Turkeys tested positive for bird flu at nine more Indiana farms near the location where US authorities first confirmed a strain different from the one that ravaged the US poultry industry last summer, Indiana authorities said on Saturday.
Farmers began euthanizing turkeys at the new farms even before final results of whether the birds were infected with the H7N8 strain, Indiana State Board of Animal Health spokeswoman Denise Derrer said. Final results are expected soon from a government laboratory in Ames, Iowa.
The nine farms are located in Dubois County, about 112km from Louisville, Kentucky. All of the new infections are within a quarantine area set up around the first farm and that area has been expanded to four neighboring Indiana counties — Martin, Orange, Crawford and Daviess.
Confirmation of new bird flu cases alarmed industry officials after the rapid spread of the H5N2 virus last year led to the deaths of about 48 million turkeys and chickens and drove egg prices higher.

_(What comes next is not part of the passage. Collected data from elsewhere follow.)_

Theorem propositionA15p2 (R : realType) :
  (exists (P1 P2 : qprog R) (A B : op R (prod (qstate P1) (qstate P2))),
      projection A /\ projection B /\ pvalid A B /\ ~ svalid A B) /\
  (exists (P1 P2 : qprog R) (A B : op R (prod (qstate P1) (qstate P2))),
      projection A /\ projection B /\ svalid A B /\ ~ pvalid A B) /\
  (forall (P1 P2 : qprog R) (A B : op R (prod (qstate P1) (qstate P2))),
      qpredicate A -> qpredicate B -> valid A B -> svalid A B) /\
  (exists (P1 P2 : qprog R) (A B : op R (prod (qstate P1) (qstate P2))),
      qpredicate A /\ qpredicate B /\ svalid A B /\ ~ valid A B).
Proof.
have bell_proj := bell_projection R.
split.
  exists (skip_prog R), (skip_prog R), bell, differ.
  split; first exact: bell_proj.
  split; first exact: projection_diagop.
  by split; [exact: skip_pvalid_bell_differ | exact: skip_not_svalid_bell_differ].
split.
  exists (reset_prog R), (reset_prog R), bell, zero_plus.
  split; first exact: bell_proj.
  split; first exact: zero_plus_projection.
  by split; [exact: reset_svalid_bell_zero_plus | exact: reset_not_pvalid_bell_zero_plus].
split; first by move=> P1 P2 A B _ _ valid_AB rho pd_rho _; apply: valid_AB.
exists (skip_prog R), (skip_prog R), bell, half_id.
split; first exact: projection_qpredicate.
split; first exact: half_id_qpredicate.
by split; [exact: skip_svalid_bell_half_id | exact: skip_not_valid_bell_half_id].
Qed.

“We are very concerned and trying to figure out strategies to contain it,” Derrer said of the outbreak.
She said officials are trying to determine how many birds have to be euthanized at the nine farms.
The state animal health board Web site said one of the farms had 12,000 turkeys and another 23,500. It did not give figures for the other seven. All 60,000 turkeys at the first farm have been euthanized.
It is not clear whether the mild winter weather played a role in the current outbreak of the virus, US state and federal officials said.
The H7N8 virus has not yet been found in wild birds, suggesting that the virus could have developed in wild birds that spent the winter in southern Indiana, US Department of Agriculture spokeswoman Andrea McNally said on Friday.
Research has shown that wild birds’ northern migration introduced the H5N2 virus, which began to accelerate from farm to farm last spring.
While the H7N8 strain is highly contagious for birds, the department said no human infections from the viral strain have been detected.
Indiana’s poultry industry brings in US$2.5 billion a year, Derrer said, adding that the state leads the nation in duck production, is No. 3 in egg production and fourth in turkeys. Dubois County is Indiana’s top poultry producer with 1.4 million turkeys, she said.
The Indiana farm where the strain was first found is associated with Farbest Farms, a company that produces about 15 million turkeys a year and has contract growers in Indiana, Illinois and Kentucky.
Derrer declined to say if the new infections also were on farms linked to the company.
Indiana Governor Mike Pence on Saturday met with state and local officials at an incident command center set up since the outbreak.
Pence emphasized in a statement that the poultry industry is vital to Indiana and authorities are “bringing all necessary resources to deal with this situation.”